In [50]:
#enables chart rendering
%matplotlib inline

# First 10 Minutes 

Welcome to your first 10 minutes with Pyrugga. In this tutorial you will learn how to convert a Superscout XML into a Match object analyse a game of Rugby. 

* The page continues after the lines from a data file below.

Lemma is_derive_mx_coord m (y : R -> 'rV[R]_m) t (dy : 'rV[R]_m) (i : 'I_m) :
  is_derive t 1 y dy -> is_derive t 1 (fun s => y s ord0 i) (dy ord0 i).
Proof.
move=> [dv <-]; split; first by move/derivable_mxP: dv; apply.
by rewrite derive_mx // mxE.
Qed.

Lemma is_derive_sqr f t df :
  is_derive t 1 f df -> is_derive t 1 (fun s => f s ^+ 2) (2 * f t * df).
Proof.
move=> /(is_deriveX 2); rewrite exprfctE /= expr1 => fd.
by have -> : 2 * f t * df = (2%:R * f t) *: df by rewrite /GRing.scale.
Qed.

Lemma is_derive_sqrt_ratio f g t a b :
  0 < f t -> 0 < g t ->
  is_derive t 1 f (a * f t) -> is_derive t 1 g (b * g t) ->
  is_derive t 1 (fun s => Num.sqrt (f s / g s))
    ((a - b) / 2 * Num.sqrt (f t / g t)).
Proof.
move=> f0 g0 fd gd.
have ratio_gt0 : 0 < f t / g t by rewrite divr_gt0.
have := @is_derive1_comp _ Num.sqrt (fun s => f s * (g s)^-1) t _ _
  (is_derive1_sqrt ratio_gt0) (is_deriveM fd (is_deriveV (lt0r_neq0 g0) gd)).
set z := Num.sqrt _ => hd.
have z0 : 0 < z by rewrite sqrtr_gt0.
have fz : f t = z ^+ 2 * g t.
  by rewrite sqr_sqrtr ?ltW // mulrAC -mulrA mulfV ?mulr1 // lt0r_neq0.
move: hd; congr is_derive; rewrite /GRing.scale /= fz.
by field; rewrite !lt0r_neq0.
Qed.

Lemma is_derive_continuous f t df : is_derive t 1 f df -> {for t, continuous f}.
Proof. by case=> /derivable1_diffP/differentiable_continuous. Qed.

Lemma ge0_is_derive_le_cc f (df : R -> R) a b :
  {within `[a, b], continuous f} ->
  (forall t, a < t < b -> is_derive t 1 f (df t)) ->
  (forall t, a < t < b -> 0 <= df t) ->
  forall t, a <= t <= b -> f a <= f t.
Proof.
move=> fc fd df_ge0 t /andP[aLt tLb]; have ab := le_trans aLt tLb.
apply: (ger0_derive1_le_cc _ _ fc); rewrite ?in_itv /= ?lexx ?ab ?aLt ?tLb //.
- by move=> y; rewrite in_itv /= => /fd [].
- by move=> y; rewrite in_itv /= derive1E => yab; have [_ ->] := fd y yab; exact: df_ge0.
Qed.
Lemma dist_le_sym x y r : dist_le g x y r -> dist_le g y x r.
Proof. intros [n [Hd Hr]]. exists n. split; [apply is_dist_sym, Hd|exact Hr]. Qed.

Lemma is_dist_adj_le r a x ra rx :
  adj g a x -> is_dist g a r ra -> is_dist g x r rx -> (rx <= S ra)%nat.
Proof.
  intros Hax [Wa _] [_ Hmin]. apply Hmin. rewrite <- Nat.add_1_l.
  apply walk_n_app with a; [apply walk_n_adj, Hsym, Hax|exact Wa].
Qed.

Lemma path_between_rev X Y p : path_between g X Y p -> path_between g Y X (rev p).
Proof.
  destruct p as [|x l]; [contradiction|]. revert x X.
  induction l as [|y l IH]; intros x X [Hc [Xx Yl]]; [simpl; auto|].
  destruct Hc as [Hxy Hc]. rewrite last_cons in Yl.
  specialize (IH y (eq y) (conj Hc (conj eq_refl Yl))).
  change (rev (x :: y :: l)) with (rev (y :: l) ++ [x]).
  destruct (rev (y :: l)) as [|z m]; [contradiction|].
  destruct IH as [Hc' [Yz Hlast]]. simpl. rewrite chain_app, last_last, <- Hlast.
  simpl. auto.
Qed.

End Walks.

Lemma skeleton_symmetric g x0 lam k :
  symmetric_graph g -> symmetric_graph (skeleton g x0 lam k).
Proof.
  intros Hsym b b' [Hne [x [y [Hx [Hy Hxy]]]]].
  split; [auto|]. exists y, x. auto.
Qed.

Lemma skeleton_vertex_eq g x0 lam k (b b' : vtx (skeleton g x0 lam k)) :
  proj1_sig b = proj1_sig b' -> b = b'.
Proof. apply eq_sig_hprop. intros; apply proof_irrelevance. Qed.

Section Layers.
Variables (g : Graph) (r0 : vtx g).

Lemma layer2_iff N x :
  layer g r0 2 N x <-> exists n, is_dist g x r0 n /\ (2 * N < Z.of_nat n <= 2 * N + 2)%Z.
Proof.
  unfold layer. split; intros [n [Hd Hr]]; exists n; split; auto.
  - rewrite INR_IZR_INZ in Hr. destruct Hr as [H1 H2].
    replace (IZR N * 2) with (IZR (2 * N)) in H1 by (rewrite mult_IZR; lra).
    replace ((IZR N + 1) * 2) with (IZR (2 * N + 2)) in H2
      by (rewrite plus_IZR, mult_IZR; lra).
    apply lt_IZR in H1. apply le_IZR in H2. lia.
  - rewrite INR_IZR_INZ. destruct Hr as [H1 H2].
    apply IZR_lt in H1. apply IZR_le in H2.
    rewrite mult_IZR in H1. rewrite plus_IZR, mult_IZR in H2. lra.
Qed.

Lemma layer2_unique N N' x : layer g r0 2 N x -> layer g r0 2 N' x -> N = N'.
Proof.
  rewrite !layer2_iff. intros [n [Hd Hn]] [n' [Hd' Hn']].
  rewrite (is_dist_unique _ _ _ _ _ Hd Hd') in Hn. lia.
Qed.

Hypothesis Hsym : symmetric_graph g.

(* The distances to the root along a walk of length 2 span at most 3 consecutive
   values, which cannot meet three layers of width 2. *)
Lemma layers_of_two_step_walk a x z Na Nx Nz :
  adj g a x -> adj g x z ->
  layer g r0 2 Na a -> layer g r0 2 Nx x -> layer g r0 2 Nz z ->
  Na = Nz \/ Nx = Na \/ Nx = Nz.
Proof.
  intros Hax Hxz La Lx Lz. apply layer2_iff in La, Lx, Lz.
  destruct La as [ra [Da Ra]], Lx as [rx [Dx Rx]], Lz as [rz [Dz Rz]].
  pose proof (is_dist_adj_le g Hsym r0 a x ra rx Hax Da Dx).
  pose proof (is_dist_adj_le g Hsym r0 x a rx ra (Hsym _ _ Hax) Dx Da).
  pose proof (is_dist_adj_le g Hsym r0 x z rx rz Hxz Dx Dz).
  pose proof (is_dist_adj_le g Hsym r0 z x rz rx (Hsym _ _ Hxz) Dz Dx).
  lia.
Qed.

End Layers.

Section TwoTwoSkeleton.
Variables (g : Graph) (r0 : vtx g).
Hypothesis Hsym : symmetric_graph g.
Local Notation Sk := (skeleton g r0 2 2).

Definition close_in (X : vtx g -> Prop) (u v : vtx g) : Prop :=
  X u /\ X v /\ dist_le g u v 2.

Lemma close_in_sym X u v : close_in X u v -> close_in X v u.
Proof. intros [Xu [Xv Huv]]. repeat split; auto. apply dist_le_sym; auto. Qed.

Lemma kconnected2_iff X :
  kconnected g 2 X <-> forall a b, X a -> X b -> reach (close_in X) a b.
Proof.
  split; intros Hk a b Xa Xb.
  - apply reach_refine with (fun u v => X v /\ dist_le g u v 2) X; [|exact Xa|exact (Hk a b Xa Xb)].
    intros u v Xu [Xv Huv]. split; [exact Xv|]. apply reach_step. repeat split; auto.
  - apply reach_mono with (close_in X); [|exact (Hk a b Xa Xb)].
    intros u v [_ Huv]. exact Huv.
Qed.

(* B1 \/ B2 is 2-connected inside the layer of B1, so it is contained in B1 by maximality. *)
Lemma block_absorb (B1 B2 : vtx g -> Prop) a z N :
  is_block g r0 2 2 B1 -> is_block g r0 2 2 B2 -> B1 a -> B2 z -> dist_le g a z 2 ->
  layer g r0 2 N a -> layer g r0 2 N z -> forall x, B2 x -> B1 x.
Proof.
  intros [_ [N1 [L1 [K1 Max1]]]] [_ [N2 [L2 [K2 _]]]] Ha Hz Haz La Lz.
  pose proof (layer2_unique _ _ _ _ _ (L1 a Ha) La) as <-.
  pose proof (layer2_unique _ _ _ _ _ (L2 z Hz) Lz) as <-.
  rewrite kconnected2_iff in K1, K2.
  set (U := fun x => B1 x \/ B2 x).
  assert (to_a : forall p, U p -> reach (close_in U) p a).
  { intros p [Hp|Hp].
    - apply reach_mono with (close_in B1); [|auto].
      intros u v [? [? ?]]. repeat split; unfold U; auto.
    - apply reach_trans with z.
      + apply reach_mono with (close_in B2); [|auto].
        intros u v [? [? ?]]. repeat split; unfold U; auto.
      + apply reach_step. repeat split; unfold U; auto. apply dist_le_sym; auto. }
  intros x Hx. apply (Max1 U); [intros y [Hy|Hy]; auto| |intros y Hy; left; auto|right; auto].
  apply kconnected2_iff. intros p q Hp Hq. apply reach_trans with a; [auto|].
  apply reach_sym; [apply close_in_sym|auto].
Qed.
Section Chain.
Variables (R : realType) (S : finType) (M : S -> S -> option nat) (sp sm : S) (js : seq S).
Hypothesis M_coxeter : is_coxeter_matrix M.
Hypothesis chainB : condB M sp sm js.

Local Notation a k := (nth sm js k).
Local Notation N := (size js).
Local Notation sn := (last sm js).

Lemma M_sym s t : M s t = M t s.
Proof. by case: M_coxeter. Qed.

Lemma M_diag s : M s s = Some 1%N.
Proof. by case: M_coxeter => _ [_ M1]; apply/M1. Qed.

Lemma chain_size : (2 <= N)%N.
Proof. by case: chainB => [[]]. Qed.

Lemma chain_uniq : uniq js.
Proof. by case: chainB => [[]]. Qed.

Lemma chain0 : a 0 = sm.
Proof. by case: chainB => [[]]. Qed.

Lemma chain1 : a 1 = sp.
Proof. by case: chainB => [[]]. Qed.

Lemma chain_inj i j : (i < N)%N -> (j < N)%N -> (a i == a j) = (i == j).
Proof. by move=> i_lt j_lt; rewrite nth_uniq // chain_uniq. Qed.

Lemma index_chain k : (k < N)%N -> index (a k) js = k.
Proof. by move=> k_lt; rewrite index_uniq // chain_uniq. Qed.

Lemma last_chain x0 : last x0 js = a N.-1.
Proof. by rewrite -nth_last; apply: set_nth_default; have := chain_size; lia. Qed.

Lemma sp_neq_sm : sp != sm.
Proof. by rewrite -chain0 -chain1 chain_inj //; have := chain_size; lia. Qed.

Lemma chain_braid k : (k.+1 < N)%N -> M (a k) (a k.+1) = Some 3%N.
Proof. by case: chainB => _ braid _; apply: braid. Qed.

Lemma chain_braid_pred k : (1 <= k < N)%N -> M (a k) (a k.-1) = Some 3%N.
Proof.
by case/andP=> k_gt0 k_lt; rewrite M_sym; have := @chain_braid k.-1; rewrite prednK //; apply.
Qed.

The first step is to import Pyrugga library. This is as simple us typing 

In [51]:
import pyrugga as pgr

Pyrugga requires a Super Scout file containing a play by play descriptions of a match. They are stored in an XML format which is not great for statistical analysis, but useful for other things. We need to convert the XML format  into something a little more friendly, a Pandas Dataframes. 

In [52]:
df = pgr.Match('game_1.xml')

A Match object contains a number of functions and Dataframes to help us analyse a match 

**Dataframes**

* Summary -- Summary of the match 
* Events -- Description of each action 
* Timeline -- A timeline of the match with periods ending when either possession of the ball changes or there was a stopage in play 

**Functions**

* getRef -- Will return the name of the referee
* Draw -- Will return if the match was drawn ?
* HomeWin -- Will return if home team won ?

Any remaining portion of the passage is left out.